RNASeq - many are beginning to use in their work. Yet - methods for analyzing RNASeq hasn’t been settled. Challenge they recognize. Community resource - users can report when recipes aren’t working. Go to forum.

Q: (illumina) Data from different sources, does GenomeSpace provide info on challenges on combining different data?


Can do: put warnings. Watch out for the follow… etc. People who develop these recipes much understand the workflow fairly well so they know the gotchas.

Can’t do: cannot anticipate all the ways in which a biologist will misuse resource
People mis-use tools. Try to give enough info and warning to keep the probability low.

Q: followup: Account for differences in platforms?

A: Don’t have funding for all, but we do contact vendors.

Q: Thank you for making something more user friendly!

Q: Clinical data - do you have the security to handle this?

A: Security that Amazon Cloud provides. New round of funding: agreed to put warnings for ppl who are uploading data. If you have data that needs to be kept private - can use your own Amazon S3/Dropbox.

GenomeSpace does not do analysis - it’s on the tools.

Q: (IBM - Royyuru) Reproducibility - read about a tool in a paper, but can’t reproduce. Can GenomeSpace add machine readable script to run the tool?

A: Can’t go into tools themselves - lightweight. Will talk offline.

back to the speaker list →

 FGED: The Functional Genomics Data Society

 Francis Ouellette, Ontario Institute for Cancer Research, Canada

Selected on merit - not invited talk. Ron has laryngitis - Francis Ouellette is presenting slides.


The Functional Genomics Data Society (FGED) Society, founded in 1999 as the MGED Society, is a registered International Society that advocates for open access to genomic data sets and works towards providing concrete solutions to achieve this. Our mission is to be a positive agent of change in the effective sharing and reproducibility of functional genomic data. Our work on defining minimum information specifications for reporting data in functional genomics papers (e.g., MIAME) have already enabled large data sets to be used and reused to their greater potential in biological and medical research. The FGED Society seeks to promote mechanisms to improve the reviewing process of functional genomics publications. We also work with other organizations to develop standards for biological research data quality, annotation and exchange. We actively develop methods to facilitate the creation and use of software tools that build on these standards and allow researchers to annotate and share their data easily. We promote scientific discovery that is driven by biological research efforts in data integration and meta-analysis.


Spirit of openness - share everything

 Functional Genomics Data Society & Its Mission

In the beginning there were microarrays - MGED

MIAME - standard for exchange raw data microarray

MINSEQE - minimal standards on nucleotide seq experiment.
General description of the aim, metadata, raw reads, processed data

FGED Standards: big data needs standards, GFED creates and aids the development of such

FGED is an open society, welcome feedback, input and volunteers

 Q & A

Q: (Stein) What is the journal policy in the continued evolution of this effort?

A: Publishers in general have very great interest and support.
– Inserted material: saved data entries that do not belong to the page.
Lemma cnot_mapK (c t : 'I_n) : c != t -> involutive (cnot_map c t).
Proof.
move=> ct y; apply/ffunP => k; rewrite !ffunE.
by case: eqP => [->|] //; rewrite (negbTE ct) eqxx addbA addbb.
Qed.

Lemma cnot_circuit_map_bij s : cnot_wf s -> bijective (cnot_circuit_map s).
Proof.
elim: s => [|[c t] s IH] /=; first by exists id.
case/andP=> ct /IH sB; apply: (@bij_comp _ _ _ (cnot_circuit_map s)) => //.
exact/inv_bij/cnot_mapK.
Qed.

End CnotCircuitMap.

Arguments zerov {n}.

Lemma expn2_gt0 t : 0 < 2 ^ t. Proof. by rewrite expn_gt0. Qed.

Lemma next_multiple d k m : d %| k -> d %| m -> k < m -> k + d <= m.
Proof.
move=> /dvdnP[a ->] /dvdnP[b ->] lt_ab.
have d_gt0 : 0 < d by case: d lt_ab => //; rewrite !muln0.
by rewrite ltn_pmul2r // in lt_ab; rewrite -mulSnr leq_pmul2r.
Qed.

Lemma iota0S t : iota 0 t.+1 = rcons (iota 0 t) t.
Proof. by rewrite -addn1 iotaD cats1. Qed.

Lemma big_addb_insub m N (F : 'I_m -> bool) : m <= N ->
  \big[addb/false]_(0 <= l < N) (if insub l is Some j then F j else false) =
  \big[addb/false]_(j < m) F j.
Proof.
move=> le_mN; pose F' l := if insub l is Some j then F j else false.
have -> : \big[addb/false]_(j < m) F j = \big[addb/false]_(j < m) F' j.
  by apply: eq_bigr => j _; rewrite /F' valK.
rewrite (big_ord_widen _ F' le_mN) [RHS]big_mkcond big_mkord.
by apply: eq_bigr => l _; case: ltnP => // le_ml; rewrite insubN // -leqNgt.
Qed.

Section ParityNetwork.
Variables (n r : nat).
Local Notation N := (2 ^ r).

(* Input and output registers, an N x n fan-out array and an n x N summation array. *)
Local Notation ancilla := ('I_n + (('I_N * 'I_n) + ('I_n * 'I_N)))%type.
Local Notation qubit := ('I_n + ancilla)%type.
Local Notation m := #|{: ancilla}|.

Implicit Types (b : bool) (M : 'I_n -> 'I_n -> bool) (x z : basis n).
Implicit Types (y : {ffun qubit -> bool}) (q : qubit).

Definition ordN0 : 'I_N := Ordinal (expn2_gt0 r).

Definition reg b (j : 'I_n) : qubit := if b then inr (inl j) else inl j.
Definition fan (i : 'I_N) (j : 'I_n) : qubit := inr (inr (inl (i, j))).
Definition acc (i : 'I_n) (k : 'I_N) : qubit := inr (inr (inr (i, k))).

Definition in_reg b : pred qubit :=
  fun q => match q with inl _ => ~~ b | inr (inl _) => b | _ => false end.

Definition regs x z : {ffun qubit -> bool} :=
  [ffun q => match q with inl j => x j | inr (inl j) => z j | _ => false end].

(* Clean ancillae, [u] in register [reg b] and [v] in the other register. *)
Definition regs_from b u v := if b then regs v u else regs u v.

Definition acc_at y i (l : nat) : bool :=
  if insub l is Some k then y (acc i k) else false.

Definition copy_in b : cnot_layer qubit := fun q =>
  if q is inr (inr (inl (i, j))) then
    if val i == 0 then Some (reg b j) else None
  else None.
They are looking for things like this. PLoS - new data release policy. Publishers keen to see what community agreed upon standards are.

back to the speaker list →

 Insights from the Genomic Analysis of 10,940 Exomes and 3,751 Whole Genomes Demystifying Running at Scale and the Scientific Results

 Andrew Carroll, DNAnexus, USA


As one of five institutions participating in the global CHARGE Consortium, the Human Genome Sequencing Center (HGSC) at Baylor College of Medicine needed a compute and data management infrastructure solution to handle the massive amount of data (3,751 whole genomes and 10,940 exomes) they would be processing for this project. The large burst computational demands for this project would have unacceptably taxed existing resources, requiring either many months of using spare capacity or forcing other users off the cluster for 4-5 weeks to complete it faster. To address this challenge, HGSC, DNAnexus, and Amazon Web Services (AWS) teamed up to deploy a cloud-based infrastructure that could handle this ultra large-scale genomic analysis project quickly and flexibly, with zero capital investment. At the project’s peak, HGSC was able to spin up more than 20,000 cores on-demand in order to run the analysis pipeline of the CHARGE data. During this period, HGSC was running one of the largest genomics analysis clusters in the world.


DNAnexus - 2009 spin out from Stanford. Darling of sucessful startups. Apply the Cloud at scale

Two parts:

  1. Philosophy of the Cloud
  2. Application to large project (10-11K exomes)
 What is DNAnexus
 Scientific Vision:

Challenges looming over data @ scale

Science like driving

Tool development - profile runtimes and cost


Tool Optimization

Benchmark sets


 DNAnexus - HGSC-CHARGE Collaboration

Analysis of 11K exomes and 4K whole genomes for CHARGE consortium.
Comput scale and distribution of results across 300 investigators

Baylor: 20 HiSeqs ~25TB of sequence per month

 Q & A

Q: (Schatz) On projects like this the first half is well structured, but gets very ad-hoc by the end. How is this structured in DNAnexus for ad-hoc queries?

A: We take advantage of the expertise of the ppl working with us. Relying on the CHARGE consortium in collaboration. Directed hypothesis generated by partners.

Q: Can you elaborate on the datasets you’re using as benchmarks?

A: An oppourtunity for the community to come together - benchmarking sets are the way to go, DNAnexus gives us an oppourity to go in this space. Not curators of benchmarks sets.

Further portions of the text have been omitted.